■ Work request
Going through the data below, copy out each line where the word "have" shows up.

■ Given records
Theorem proposition2p3 (V : finType) (E : rel V)
  (Esym : symmetric E) (Eirr : irreflexive E) :
  exists (T : finType) (e : rel T) (B : T -> {set V}) (r : T), rooted_td E e B r.
Proof.
have [k1 tw] := exists_treewidth1 E.
have [[T [e [B [td width_B]]]] _] := tw.
have [[e_sym e_irr _ _ e_acyc] _ _ _] := td.
have B_card t : #|B t| <= k1 by rewrite -width_B; apply: leq_bigmax.
have k1_V : k1 <= #|[set: V]|.
  by rewrite -width_B cardsT; apply/bigmax_leqP => t _; apply: max_card.
have [bs [bs_chain _ cover]] := covering_chain_of_partial_td e_sym e_irr e_acyc B_card
  (partial_td_of_td td) k1_V.
apply: (rooted_td_of_chain bs_chain tw td) => t.
by have [X X_bs] := cover t (in_setT t); rewrite setIT; exists X.
Qed.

■ Result of this task
have [k1 tw] := exists_treewidth1 E.
have [[T [e [B [td width_B]]]] _] := tw.
have [[e_sym e_irr _ _ e_acyc] _ _ _] := td.
have B_card t : #|B t| <= k1 by rewrite -width_B; apply: leq_bigmax.
have k1_V : k1 <= #|[set: V]|.
have [bs [bs_chain _ cover]] := covering_chain_of_partial_td e_sym e_irr e_acyc B_card
by have [X X_bs] := cover t (in_setT t); rewrite setIT; exists X.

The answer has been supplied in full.